Escape to Alaska: A Tale of Two Fish Cities

Fishing boats lined up in front of the processing plant.



Every summer the salmon return from the ocean to find the original streams in which they were born years earlier.

It's one of the largely unexplained mysteries of nature. After so many years of maturing in salt water, how do the fish make the change to fresh water and get all the way home? How do they survive the mishaps and predators along their route? How do they keep from getting caught by the innovations of humans, including hooks, traps, and nets?

Most of them don't. It's  been estimated that for every 25 million salmon eggs that are laid, only two fish arrive home to complete the cycle and spawn in the stream beds.

Yet the salmon keep on coming. By the thousands. Every summer.

We took a stroll along the docks of a cannery that my brother-in-law worked in decades ago when he was an 18-year-old looking for his first good paying job.



This was back when Alaskan salmon marketed to the word was in 16 oz and 8 oz tin cans. You should know that canned salmon is to fresh salmon what canned tomatoes are to fresh tomatoes. Yes, you can eat it, but it's hardly memorable. But canned salmon was all technology would allow at that point.

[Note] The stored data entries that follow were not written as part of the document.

Lemma comp_minsU1 S z : z \notin S ->
  comp_mins (z |: S) = comp_min (z |: S) z |: (comp_mins S :\: [set x | touches e S z x]).
Proof.
move=> zS; apply/setP => y; apply/idP/idP.
- move=> Hy; case Ty: (linked_to e S z y).
    have c : conn (z |: S) z y.
      by rewrite (connect_induced_setU1 e_sym e_irr) // Ty /linked_to eqxx orbT.
    by rewrite (comp_min_eq Hy c) setU11.
  apply/setU1P; right; apply/setDP; split; last first.
    by rewrite inE; apply: contraFN Ty => H; rewrite /linked_to H orbT.
  move: Hy; rewrite inE => /andP [yS' /forallP H].
  rewrite inE; apply/andP; split.
    by move: yS'; rewrite !inE => /orP [/eqP yz|//]; move: Ty; rewrite /linked_to yz eqxx.
  apply/forallP => w; rewrite -(connect_setU1_unlinked e_sym e_irr w zS (negbT Ty)).
  exact: H w.
- case/setU1P => [->| /setDP [Hy nt]]; first by apply: comp_min_in; rewrite setU11.
  have yz : y != z by apply: contraTneq Hy => ->; rewrite inE (negbTE zS).
  have nT : ~~ linked_to e S z y by rewrite /linked_to negb_or yz; move: nt; rewrite inE.
  move: Hy; rewrite inE => /andP [yS /forallP H].
  rewrite !inE yS orbT /=; apply/forallP => w.
  by rewrite (connect_setU1_unlinked e_sym e_irr) //; exact: H w.
Qed.

Lemma card_comp_minsU1 S z : z \notin S ->
  #|comp_mins (z |: S)| + #|comp_mins S :&: [set x | touches e S z x]| = #|comp_mins S| + 1.
Proof.
move=> zS; rewrite comp_minsU1 // cardsU1.
have -> : comp_min (z |: S) z \notin comp_mins S :\: [set x | touches e S z x].
  apply/negP => /setDP [H1]; rewrite inE => H2.
  move: (linked_comp_minU1 zS); rewrite /linked_to (negbTE H2) orbF => /eqP lz.
  by move: H1; rewrite inE lz (negbTE zS).
by have := cardsID [set x | touches e S z x] (comp_mins S); lia.
Qed.

Lemma in_prefix i x : (x \in prefix i) = (r x < i).
Proof. by rewrite inE. Qed.

Lemma prefixS i : prefix i.+1 = prefix i \/ exists2 z, r z = i & prefix i.+1 = z |: prefix i.
Proof.
case: (pickP (fun z => r z == i)) => [z /eqP rz | none]; [right; exists z => // | left];
  apply/setP => x; rewrite !inE ltnS leq_eqVlt; last by rewrite none.
by rewrite -rz (inj_eq r_inj).
Qed.

Section AddVertex.
Variable z : T.
Local Notation S := (prefix (r z)).

Lemma notin_prefix : z \notin S.
Proof. by rewrite in_prefix ltnn. Qed.

Lemma touched_comp_mins :
  comp_mins S :&: [set x | touches e S z x] = comp_min S @: early_nbrs S z.
Proof.
apply/setP => x; apply/idP/idP.
- rewrite inE => /andP [xL]; rewrite inE => /existsP [u0 /and3P [u0S eu0 cxu0]].
  pose P u := [&& u \in S, e u z & conn S x u].
  have P0 : P u0 by rewrite /P u0S eu0 cxu0.
  case: (arg_minnP r P0) => u /and3P [uS euz cxu] umin.
  (* the earliest neighbour of z in the component of x precedes its common neighbours with z *)
  have uM : u \in early_nbrs S z.
    rewrite inE uS euz /=; apply/forall_inP => w; rewrite in_common_nbhd2 => /andP [euw ezw].
    apply/existsP; exists u; rewrite !inE eqxx /= ltnNge; apply/negP => rwu.
    have wu : w != u by apply: contraTneq euw => ->; rewrite e_irr.
    have rwu' : r w < r u by rewrite ltn_neqAle rwu (inj_eq r_inj) wu.
    have wS : w \in S by rewrite in_prefix (ltn_trans rwu') // -in_prefix.
    have := umin w; rewrite /P wS (e_sym w z) ezw /=.
    rewrite (connect_trans cxu (connect_induced_edge euw uS wS)) => /(_ isT).
    by rewrite leqNgt rwu'.
  apply/imsetP; exists u => //; symmetry.
  by apply: comp_min_eq; rewrite // (connect_induced_sym e_sym).
- case/imsetP => u; rewrite inE => /andP [uS /andP [euz _]] ->.
  rewrite inE comp_min_in //= inE; apply/existsP; exists u.
  by rewrite uS euz (connect_induced_sym e_sym) comp_min_connect.
Qed.

Lemma early_nbrs_nonadjacent u1 u2 :
  u1 \in early_nbrs S z -> u2 \in early_nbrs S z -> r u1 < r u2 -> ~~ e u1 u2.
Proof.
rewrite !inE => /andP [u1S /andP [e1 _]] /andP [u2S /andP [e2 g2]] lt; apply/negP => e12.
move/forall_inP: g2 => /(_ u1); rewrite in_common_nbhd2 (e_sym u2 u1) e12 (e_sym z u1) e1.
move=> /(_ isT) /existsP [y]; rewrite !inE => /andP [/orP [] /eqP -> ].
  by rewrite ltnNge ltnW.
by rewrite ltnNge ltnW // -in_prefix.
Qed.

Lemma card_touched_le : #|comp_mins S :&: [set x | touches e S z x]| <= #|early_nbrs S z|.
Proof. by rewrite touched_comp_mins leq_imset_card. Qed.

Lemma card_touched_eq : linked_nbrs_adjacent e ->
  #|comp_mins S :&: [set x | touches e S z x]| = #|early_nbrs S z|.
Proof.
move=> blk; rewrite touched_comp_mins; apply/eqP/imset_injP => u1 u2 H1 H2 El.
case: (eqVneq u1 u2) => // ne; exfalso.
have c : conn S u1 u2.
  apply: connect_trans (comp_min_connect S u1) _.
  by rewrite El (connect_induced_sym e_sym) comp_min_connect.
move: (H1) (H2); rewrite !inE => /andP [u1S /andP [e1 _]] /andP [u2S /andP [e2 _]].
have e12 : e u1 u2.
  apply: (blk z); rewrite ?(e_sym z) //; apply: connect_induced_sub c.
  by apply/subsetP => w wS; rewrite !inE; apply: contraTneq wS => ->; exact: notin_prefix.
case: (ltngtP (r u1) (r u2)) => [lt|lt|/r_inj eq]; last by rewrite eq eqxx in ne.
- by move/negP: (early_nbrs_nonadjacent H1 H2 lt).
- by rewrite e_sym in e12; move/negP: (early_nbrs_nonadjacent H2 H1 lt).
Qed.

Lemma card_touched_lt u1 u2 : u1 \in early_nbrs S z -> u2 \in early_nbrs S z ->
  u1 != u2 -> conn S u1 u2 ->
  #|comp_mins S :&: [set x | touches e S z x]| < #|early_nbrs S z|.
Proof.
move=> H1 H2 ne c; rewrite touched_comp_mins ltn_neqAle leq_imset_card andbT.
apply/negP => /imset_injP inj.
have u2S : u2 \in S by move: H2; rewrite inE => /andP [].
have El : comp_min S u1 = comp_min S u2.
  by apply: comp_min_eq; [exact: comp_min_in | exact: connect_trans c (comp_min_connect S u2)].
by move: (inj u1 u2 H1 H2 El) => eq; rewrite eq eqxx in ne.
Qed.

Lemma early_edges_inU1 :
  early_edges_in (z |: S) = early_edges_in S :|: [set [set u; z] | u in early_nbrs S z].
Proof.
apply/setP => f; apply/idP/idP.
- rewrite inE => /andP [/edgesP [u [v [euv ->]]] /andP [sub g]].
  case: (boolP (z \in [set u; v])) => zin.
  + apply/setUP; right; apply/imsetP.
    have mem x : x \in [set u; v] -> x != z -> x \in S.
      by move=> xin xz; move: (subsetP sub x xin); rewrite !inE (negbTE xz).
    have uv : u != v by apply: contraTneq euv => ->; rewrite e_irr.
    case/set2P: zin => [zu | zv].
    * rewrite -zu in uv euv g mem *; exists v; last by rewrite setUC.
      by rewrite inE mem ?set22 1?eq_sym //= e_sym euv /= setUC.
    * rewrite -zv in uv euv g mem *; exists u => //.
      by rewrite inE mem ?set21 //= euv g.
  + apply/setUP; left; rewrite inE g andbT; apply/andP; split.
      by apply/edgesP; exists u, v.
    apply/subsetP => x xf; move: (subsetP sub x xf); rewrite !inE => /orP [/eqP xz|//].
    by subst; rewrite xf in zin.
- case/setUP => [| /imsetP [u uM ->]].
  + rewrite !inE => /andP [fE /andP [sub g]]; rewrite fE g andbT /=.
    exact: subset_trans sub (subsetUr _ _).
  + have /setIdP [uS /andP [euz g]] := uM.
    apply/setIdP; split; first by apply/edgesP; exists u, z.
    rewrite g andbT; apply/subsetP => x; rewrite !inE -in_prefix.
    by case/orP => /eqP ->; rewrite ?eqxx ?uS ?orbT.
Qed.

Lemma n_early_inU1 : n_early_in (z |: S) = n_early_in S + #|early_nbrs S z|.
Proof.
have zS := notin_prefix.
rewrite /n_early_in early_edges_inU1 cardsU.
have -> : early_edges_in S :&: [set [set u; z] | u in early_nbrs S z] = set0.
  apply/setP => f; rewrite !inE; apply/negP => /andP [/andP [_ /andP [sub _]] /imsetP [u _ Hf]].
  by subst f; move: (subsetP sub z); rewrite !inE eqxx orbT ltnn => /(_ isT).
rewrite cards0 subn0 card_in_imset // => u1 u2 H1 _ E12.
have : u1 \in [set u2; z] by rewrite -E12 set21.
rewrite !inE => /orP [/eqP //|/eqP u1z].
by move: H1; rewrite inE u1z (negbTE zS).
Qed.

End AddVertex.

Lemma prefix0 : prefix 0 = set0.
Proof. by apply/setP => x; rewrite !inE ltn0. Qed.

Lemma n_early_in0 : n_early_in set0 = 0.
Proof.
apply: eq_card0 => f; rewrite in_set subset0.
apply/andP => -[/edgesP [u [v [_ ->]]] /andP [/eqP /setP /(_ u) E _]].
by move: E; rewrite !inE eqxx.
Qed.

Gary showed us where a congregation of young and old, male and female, Filipinos, Alaska Natives, and whites worked in those summers long ago. The work was wet and filthy, especially near the so-called "Iron Chink" which was a machine that sliced off the fish heads and tales. Guts and slime abounded.

Wash it all down the drain...

It so happened that Gary had one of the best jobs, towards the end of the assembly line. He was charged with using a machine to tip the sealed cans into their cases.  The box of cans then went to the gluing machine. He held the record at one time for processing 750 cases in an hour.

Today the cannery is closed, but someone has purchased the buildings and attempted to turn it into a restaurant and tourist attraction. Signs explain the original purpose of each building. Unfortunately, when we arrived it appeared that this money-making repurposing of the old cannery was not a going concern. Nothing appeared to have been opened in a while. We stared through windows into empty buildings.





Next door the processing of salmon went on in a more modern fashion. The new plant takes the salmon and flash freezes the whole fish. In this form the salmon is much more valuable than in its humble canned form. It's a delicacy that can be brought to the table at the restaurant and served at a premium price.

I have to admit that it's hard for me to contemplate going back to purchasing a can of salmon and forming it into a fried salmon croquette (my mom's favorite recipe). This defunct salmon cannery seems quaint. But still I can appreciate what this place represents: lives bumping together for a few months in the summer, all in the name of industry and a paycheck. Something important happened here and I can still feel it. - V.W.